Читаем Вольные кони полностью

Я шел по проселку и сомнение все круче забирало меня: нет, наверное, не стоило мне приезжать сюда, возвращаться к тому, что так ласково теплилось в сердце. Я остановился, жадно закурил, и с грустью подумал, стоит ли еще раз припадать к чистому колодцу, вдруг он потеряет свою живительную силу. И может быть, зря я обольщаюсь, что прошлое хоть одним легким крылом да заденет меня, донеся отзвуки прошлого, а вместе с ними образы и чувства. А помнится, как помнится, что нигде я не пил воды слаще, чем из реки детства.

Отступать было поздно, не поворачивать же вспять, когда до поселка скорым шагом осталось идти всего четверть часа. «Что же, найду знакомых, кто-нибудь да и остался здесь, переночую, а утренним автобусом вернусь в город», – решил я, и мне стало чуть легче, как всегда, когда принял решение, пусть даже и не совсем верное.

От грустных мыслей меня отвлек стрекот мотоцикла. Звук за спиной нарастал, и я поспешил сойти на обочину – знаю я этих деревенских лихачей! Но мотоцикл все не показывался, тарахтел где-то за поворотом, слишком уж медленно догоняя меня. И прежде чем я догадался, что это за слабосильная машина воздух треплет, из-за деревьев вырулил мопед. За спиной ездока мотались влево-вправо длинные удилища, привязанные к багажнику, будто след заметали. При виде этих гибких прутов дрогнуло сердце: Гена… Неужто он остался доживать в заброшенном поселке, не переехал вслед за братьями-сестрами?

Мопед подпрыгивал на кочках, и я толком не мог рассмотреть лицо седока. Но и ошибиться не мог. Так, немного скособочившись и задрав голову, будто важно не то, что под ногами, а то, что через километр, ездил в нашем поселке один человек – мой старый приятель, товарищ, друг? Я никогда не мог подыскать точного слова, которое могло бы выразить наши с ним отношения. Слишком уж большой была разница в возрасте, да и в том, как мы понимали и принимали жизнь. Одно крепко-накрепко связывало нас – рыбалка, до которой я сызмальства был охоч, ну, а Гена и вовсе – признанный бог и царь горных речушек.

Я пристально вглядывался в лицо человека, которого никак не ожидал встретить в поселке: бледное пятно маячило за рулем, и нельзя было сразу и целиком охватить его. Время несправедливо быстро стирает черты даже самых близких и любимых людей, оставляя слишком уж общее и поверхностное, недостаточное, чтобы вырезать портрет до полного узнавания, до самой тонкой черты. От Гены моей памяти достались глаза. Одни они, казалось, жили на его спокойном лице, мерцали на белой равнине два глубоких синих озерца.

В поселке все от мала до велика звали его по имени, хотя, помнится, ему и тогда уже было далеко за тридцать.
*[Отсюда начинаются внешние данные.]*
(* Consider simultaneous two-player weighted congestion games with affine costs and proportional cost functions, where the player weights $w_1,w_2\ge0$ (with $w_1+w_2>0$) are arbitrary. The price of anarchy (supremum over all weights and all instances, with respect to pure Nash equilibria) is approximately $2.0411$, both for general congestion games and for network routing games, and it is attained for $w_1/w_2 \approx 1.2704$ and for $w_2/w_1\approx 1.2704$.
   Context: A weighted two-player congestion game with affine costs consists of a finite set $R$ of resources, coefficients $\alpha_r,\beta_r \geq 0$ for each $r\in R$, two players $i=1,2$ with weights $w_i\ge 0$, and for each player $i$ a nonempty finite set $\mathcal{A}_i \subseteq 2^R$ of actions. For an action profile $A=(A_1,A_2)$ the load of $r$ is $x_r(A)=\sum_{j:\, r\in A_j} w_j$. With proportional costs, player $i$ pays $C_i(A)=w_i\sum_{r\in A_i}(\alpha_r+\beta_r x_r(A))$. The social cost is $C(A)=C_1(A)+C_2(A)$. In a network routing game, $R$ is the arc set of a directed graph, player $i$ has a source $s_i$ and sink $t_i$, and $\mathcal{A}_i$ is the set of arc sets of directed $s_i$–$t_i$ paths. A pure Nash equilibrium is a profile from which no player can lower her cost by unilaterally changing her action. The price of anarchy of an instance is the maximum over Nash equilibria $A$ of $C(A)/\min_{A'} C(A')$; the price of anarchy of a class is the supremum over all instances (with positive optimal social cost). *)

From HB Require Import structures.
From mathcomp Require Import all_boot all_order all_algebra.
From mathcomp Require Import reals.
Set Implicit Arguments.
Unset Strict Implicit.
Unset Printing Implicit Defensive.
Import Order.TTheory GRing.Theory Num.Theory.
Local Open Scope ring_scope.

Record cgame (T : finType) (R : realType) := CGame {
  alpha : T -> R;
  beta  : T -> R;
  w1 : R;
  w2 : R;
  acts1 : {set {set T}};
  acts2 : {set {set T}} }.

Section Game.
Variables (T : finType) (R : realType) (g : cgame T R).

Definition wf_game : Prop :=
  (forall r, 0 <= alpha g r) /\ (forall r, 0 <= beta g r) /\
  0 <= w1 g /\ 0 <= w2 g /\ 0 < w1 g + w2 g /\
  acts1 g != set0 /\ acts2 g != set0.

Definition feasible (A : {set T} * {set T}) : bool :=
  (A.1 \in acts1 g) && (A.2 \in acts2 g).

Definition load (A : {set T} * {set T}) (r : T) : R :=
  (if r \in A.1 then w1 g else 0) + (if r \in A.2 then w2 g else 0).

Definition cost1 (A : {set T} * {set T}) : R :=
  w1 g * \sum_(r in A.1) (alpha g r + beta g r * load A r).
Definition cost2 (A : {set T} * {set T}) : R :=
  w2 g * \sum_(r in A.2) (alpha g r + beta g r * load A r).

Definition social_cost (A : {set T} * {set T}) : R := cost1 A + cost2 A.

Definition is_NE (A : {set T} * {set T}) : Prop :=
  feasible A /\
  (forall B1, B1 \in acts1 g -> cost1 A <= cost1 (B1, A.2)) /\
  (forall B2, B2 \in acts2 g -> cost2 A <= cost2 (A.1, B2)).

Definition is_opt (o : R) : Prop :=
  (exists B, feasible B /\ social_cost B = o) /\
  (forall B, feasible B -> o <= social_cost B).
End Game.

(* Directed (multi)graph with vertex set V and arc set T given by tail/head. *)
Fixpoint walk (T V : finType) (tl hd : T -> V) (s t : V) (es : seq T) : bool :=
  match es with
  | [::] => s == t
  | e :: es' => (tl e == s) && walk tl hd (hd e) t es'
  end.

Definition st_path (T V : finType) (tl hd : T -> V) (s t : V) (P : {set T}) : Prop :=
  exists es : seq T,
    walk tl hd s t es /\ uniq (s :: map hd es) /\ P = [set e | e \in es].

Definition is_network (T : finType) (R : realType) (g : cgame T R) : Prop :=
  exists (V : finType) (tl hd : T -> V) (s1 t1 s2 t2 : V),
    (forall P, P \in acts1 g <-> st_path tl hd s1 t1 P) /\
    (forall P, P \in acts2 g <-> st_path tl hd s2 t2 P).

Definition poa_ratios (R : realType) (network : bool) (wcond : R -> R -> Prop)
    (x : R) : Prop :=
  exists (T : finType) (g : cgame T R) (A : {set T} * {set T}) (o : R),
    wf_game g /\ (network -> is_network g) /\ wcond (w1 g) (w2 g) /\
    is_NE g A /\ is_opt g o /\ 0 < o /\ x = social_cost g A / o.

Definition is_sup (R : realType) (S : R -> Prop) (v : R) : Prop :=
  (forall x, S x -> x <= v) /\
  (forall e, 0 < e -> exists x, S x /\ v - e < x).

Definition price_of_anarchy (R : realType) (network : bool)
    (wcond : R -> R -> Prop) (v : R) : Prop :=
  is_sup (poa_ratios network wcond) v.

From HB Require Import structures.
From mathcomp Require Import all_boot all_order all_algebra.
From mathcomp Require Import reals.
From mathcomp Require Import ring lra.
Import Order.TTheory GRing.Theory Num.Theory.
Local Open Scope ring_scope.
Set Implicit Arguments.
Unset Strict Implicit.

(* For weights w1 >= w2, adding the two Nash conditions of an equilibrium A
   against a profile B with multipliers V w1 and w1 + w2 and comparing resource
   by resource gives C(A) <= V C(B) whenever V >= num(w1, w2) / den(w1, w2),
   where num(x, y) = x^3 + 2x^2y + 2xy^2 + y^3 and den(x, y) = x^3 + xy^2 + y^3;
   the case w1 < w2 follows by exchanging the players.  The ratio
   num(r, 1) / den(r, 1) is maximal at the root r ~ 1.2704 of its derivative,
   where it is ~ 2.0411 and dominates num(x, y) / den(x, y) for all x, y >= 0;
   a six-arc network with weights r and 1 has an equilibrium of exactly this
   ratio. *)

Section WeightedPoA.
Variable R : realType.
Implicit Types (x y V : R).

Definition weight_poa_num x y := x ^+ 3 + 2 * x ^+ 2 * y + 2 * x * y ^+ 2 + y ^+ 3.
Definition weight_poa_den x y := x ^+ 3 + x * y ^+ 2 + y ^+ 3.

Definition dominates_weight_poa V :=
  forall x y, 0 <= x -> 0 <= y -> weight_poa_num x y <= V * weight_poa_den x y.

Lemma weight_poa_den_gt0 x y : 0 < x -> 0 <= y -> 0 < weight_poa_den x y.
Proof.
move=> x_gt0 y_ge0; rewrite /weight_poa_den.
have := exprn_gt0 3 x_gt0; have := exprn_ge0 3 y_ge0.
have := mulr_ge0 (ltW x_gt0) (exprn_ge0 2 y_ge0); lra.
Qed.

Lemma dominates_weight_poa_ge2 V : dominates_weight_poa V -> 2 <= V.
Proof.
move=> /(_ 1 1 ler01 ler01); rewrite /weight_poa_num /weight_poa_den.
by rewrite !expr1n !mulr1; lra.
Qed.
End WeightedPoA.

Section Resource.
Variables (R : realType) (w1 w2 : R).

Definition res_load (a1 a2 : bool) : R := (if a1 then w1 else 0) + (if a2 then w2 else 0).
Definition res_cost1 (al be : R) (a1 a2 : bool) : R :=
  if a1 then w1 * (al + be * res_load a1 a2) else 0.
Definition res_cost2 (al be : R) (a1 a2 : bool) : R :=
  if a2 then w2 * (al + be * res_load a1 a2) else 0.

Lemma res_cost1_lin (al be : R) a1 a2 :
  res_cost1 al be a1 a2 = al * res_cost1 1 0 a1 a2 + be * res_cost1 0 1 a1 a2.
Proof. by rewrite /res_cost1; case: a1; [ring | rewrite !mulr0 addr0]. Qed.

Lemma res_cost2_lin (al be : R) a1 a2 :
  res_cost2 al be a1 a2 = al * res_cost2 1 0 a1 a2 + be * res_cost2 0 1 a1 a2.
Proof. by rewrite /res_cost2; case: a2; [ring | rewrite !mulr0 addr0]. Qed.

Lemma res_cost_nash_ineq (V al be : R) (a1 a2 b1 b2 : bool) :
  0 <= w2 <= w1 -> 2 <= V -> 0 <= al -> 0 <= be ->
  weight_poa_num w1 w2 <= V * weight_poa_den w1 w2 ->
  (w1 + w2) * (res_cost1 al be a1 a2 + res_cost2 al be a1 a2
               - V * (res_cost1 al be b1 b2 + res_cost2 al be b1 b2))
  <= V * w1 * (res_cost1 al be a1 a2 - res_cost1 al be b1 a2)
     + (w1 + w2) * (res_cost2 al be a1 a2 - res_cost2 al be a1 b2).
Proof.
move=> /andP[w2_ge0 w21] V_ge2 al_ge0 be_ge0 hw.
set c1 := res_cost1 1 0; set c2 := res_cost2 1 0.
set d1 := res_cost1 0 1; set d2 := res_cost2 0 1.
have [hc hd] : (w1 + w2) * (c1 a1 a2 + c2 a1 a2 - V * (c1 b1 b2 + c2 b1 b2))
      <= V * w1 * (c1 a1 a2 - c1 b1 a2) + (w1 + w2) * (c2 a1 a2 - c2 a1 b2) /\
    (w1 + w2) * (d1 a1 a2 + d2 a1 a2 - V * (d1 b1 b2 + d2 b1 b2))
      <= V * w1 * (d1 a1 a2 - d1 b1 a2) + (w1 + w2) * (d2 a1 a2 - d2 a1 b2).
  (* With w1 = w2 + d and V = 2 + e, each of the 32 cases is a linear
     consequence of hw and the nonnegativity of the monomials in w2, d, e. *)
  have w1_split : w1 = w2 + (w1 - w2) by ring.
  have V_split : V = 2 + (V - 2) by ring.
  have d_ge0 : 0 <= w1 - w2 by lra.
  have e_ge0 : 0 <= V - 2 by lra.
  move: hw; rewrite /c1 /c2 /d1 /d2 /res_cost1 /res_cost2 /res_load.
  rewrite /weight_poa_num /weight_poa_den {}V_split {}w1_split.
  move: (w1 - w2) d_ge0 (V - 2) e_ge0 => d d_ge0 e e_ge0 hw.
  have ww := mulr_ge0 w2_ge0 w2_ge0; have wd := mulr_ge0 w2_ge0 d_ge0.
  have dd := mulr_ge0 d_ge0 d_ge0.
  have www := mulr_ge0 ww w2_ge0; have wwd := mulr_ge0 ww d_ge0.
  have wdd := mulr_ge0 dd w2_ge0; have ddd := mulr_ge0 dd d_ge0.
  have wwe := mulr_ge0 ww e_ge0; have wde := mulr_ge0 wd e_ge0.
  have dde := mulr_ge0 dd e_ge0; have wwwe := mulr_ge0 www e_ge0.
  have wwde := mulr_ge0 wwd e_ge0; have wdde := mulr_ge0 wdd e_ge0.
  have ddde := mulr_ge0 ddd e_ge0.
  by split; case: a1; case: a2; case: b1; case: b2 => /=; lra.
rewrite !(res_cost1_lin al be) !(res_cost2_lin al be) -/c1 -/c2 -/d1 -/d2.
have := ler_wpM2l al_ge0 hc; have := ler_wpM2l be_ge0 hd; lra.
Qed.
End Resource.

Section Symmetry.
Variables (T : finType) (R : realType).
Implicit Types (g : cgame T R) (A : {set T} * {set T}).

Definition swap_game g : cgame T R :=
  CGame (alpha g) (beta g) (w2 g) (w1 g) (acts2 g) (acts1 g).

Definition swap_profile A : {set T} * {set T} := (A.2, A.1).

Lemma swap_profileK : involutive swap_profile. Proof. by case. Qed.

Lemma load_swap g A : load (swap_game g) (swap_profile A) =1 load g A.
Proof. by move=> r; rewrite /load addrC. Qed.

Lemma cost1_swap g A : cost1 (swap_game g) (swap_profile A) = cost2 g A.
Proof. by rewrite /cost1 /cost2; under eq_bigr do rewrite load_swap. Qed.

Lemma cost2_swap g A : cost2 (swap_game g) (swap_profile A) = cost1 g A.
Proof. by rewrite /cost1 /cost2; under eq_bigr do rewrite load_swap. Qed.

Lemma social_cost_swap g A : social_cost (swap_game g) (swap_profile A) = social_cost g A.
Proof. by rewrite /social_cost cost1_swap cost2_swap addrC. Qed.

Lemma feasible_swap g A : feasible (swap_game g) (swap_profile A) = feasible g A.
Proof. exact: andbC. Qed.

Lemma wf_game_swap g : wf_game g -> wf_game (swap_game g).
Proof. by rewrite /wf_game /= addrC => -[? [? [? [? [? [? ?]]]]]]. Qed.

Lemma is_NE_swap g A : is_NE g A -> is_NE (swap_game g) (swap_profile A).
Proof.
move=> [fA [NE1 NE2]]; split; first by rewrite feasible_swap.
split=> B hB.
- by move: (NE2 B hB); rewrite -!cost1_swap.
- by move: (NE1 B hB); rewrite -!cost2_swap.
Qed.

Lemma is_opt_swap g o : is_opt g o -> is_opt (swap_game g) o.
Proof.
move=> [[B0 [fB0 <-]] optB]; split.
  by exists (swap_profile B0); rewrite feasible_swap social_cost_swap.
move=> B; rewrite -(swap_profileK B) feasible_swap social_cost_swap; exact: optB.
Qed.

Lemma is_network_swap g : is_network g -> is_network (swap_game g).
Proof.
by move=> [V [tl [hd [s1 [t1 [s2 [t2 [h1 h2]]]]]]]]; exists V, tl, hd, s2, t2, s1, t1.
Qed.
End Symmetry.

Section UpperBound.
Variables (T : finType) (R : realType).
Implicit Types (g : cgame T R) (A B : {set T} * {set T}).

Lemma cost1E g A : cost1 g A =
  \sum_r res_cost1 (w1 g) (w2 g) (alpha g r) (beta g r) (r \in A.1) (r \in A.2).
Proof. by rewrite /cost1 mulr_sumr big_mkcond. Qed.

Lemma cost2E g A : cost2 g A =
  \sum_r res_cost2 (w1 g) (w2 g) (alpha g r) (beta g r) (r \in A.1) (r \in A.2).
Proof. by rewrite /cost2 mulr_sumr big_mkcond. Qed.

Lemma NE_social_cost_le_ordered g (V : R) A B :
  wf_game g -> w2 g <= w1 g -> dominates_weight_poa V -> is_NE g A -> feasible g B ->
  social_cost g A <= V * social_cost g B.
Proof.
move=> [al_ge0 [be_ge0 [w1_ge0 [w2_ge0 [w_gt0 _]]]]] w21 domV [_ [NE1 NE2]] /andP[B1 B2].
have V_ge2 := dominates_weight_poa_ge2 domV.
have w_ord : 0 <= w2 g <= w1 g by rewrite w2_ge0.
have local r := res_cost_nash_ineq (r \in A.1) (r \in A.2) (r \in B.1) (r \in B.2) w_ord V_ge2
  (al_ge0 r) (be_ge0 r) (domV _ _ w1_ge0 w2_ge0).
have := ler_sum (index_enum T) (fun r (_ : true) => local r).
rewrite !(sumrB, big_split, =^~mulr_sumr) /= -(cost1E g (B.1, A.2)) -(cost2E g (A.1, B.2)).
rewrite -!cost1E -!cost2E -/(social_cost g A) -/(social_cost g B) => combined.
have dev1 : V * w1 g * (cost1 g A - cost1 g (B.1, A.2)) <= 0.
  by apply: mulr_ge0_le0; [apply: mulr_ge0; lra | rewrite subr_le0 NE1].
have dev2 : (w1 g + w2 g) * (cost2 g A - cost2 g (A.1, B.2)) <= 0.
  by apply: mulr_ge0_le0; [exact: ltW | rewrite subr_le0 NE2].
by rewrite -subr_le0 -(pmulr_rle0 _ w_gt0); lra.
Qed.

Lemma NE_social_cost_le g (V : R) A B :
  wf_game g -> dominates_weight_poa V -> is_NE g A -> feasible g B ->
  social_cost g A <= V * social_cost g B.
Proof.
move=> wf domV NE fB.
have [w21 | /ltW w12] := leP (w2 g) (w1 g); first exact: NE_social_cost_le_ordered.
rewrite -social_cost_swap -(social_cost_swap g B).
apply: NE_social_cost_le_ordered => //; first exact: wf_game_swap.
- exact: is_NE_swap.
- by rewrite feasible_swap.
Qed.
End UpperBound.

Section CriticalRatio.
Variable R : realType.

(* Up to sign, the numerator of the derivative of
   r |-> weight_poa_num r 1 / weight_poa_den r 1. *)
Definition poa_crit_poly (r : R) := 2 * r ^+ 4 + 2 * r ^+ 3 - 2 * r ^+ 2 - 4 * r - 1.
Но редко кто окликал пренебрежительно, разве что те, кто без году неделя жил в леспромхозе. Чаще звали его ласково, с едва уловимым оттенком жалости и сострадания, особенно женщины, у которых, известно, милосердие ближе лежит, чем у мужиков.

Незримая стена отделяла Гену от других людей и воздвигла ее болезнь, название которой он сам уже давно позабыл. Хвороба, скрутившая его, быстро измучила тело и душу стороной не обошла. Говорят, он и в шестнадцать лет напоминал сухонького старичка. А в детстве он верховодил в компании, рано пристрастился к охоте, был ловок и удачлив. Эта привязанность к тайге и ружью погубила его. Поздней осенью, после неудачного загона на коз, сверстник забыл разрядить одностволку и выстрелил ему в бок. В больницу Гену доставили вовремя, рана была не смертельная, но молодой хирург, второпях оперируя, задел какой-то важный нерв, а против такой нежной штуковины люди еще не придумали целительного лекарства. Так Гена превратился в инвалида. И жил на крохотную пенсию. Работать не мог – руки ходуном ходили, подергивалась голова. Родители купили ему моторный велосипед, а, оклемавшись, он сам себе нашел заделье по душе – рыбалку. Она спасала его от одиночества и отчаяния. На берегах горных речушек он пропадал теперь с весны по всю осень.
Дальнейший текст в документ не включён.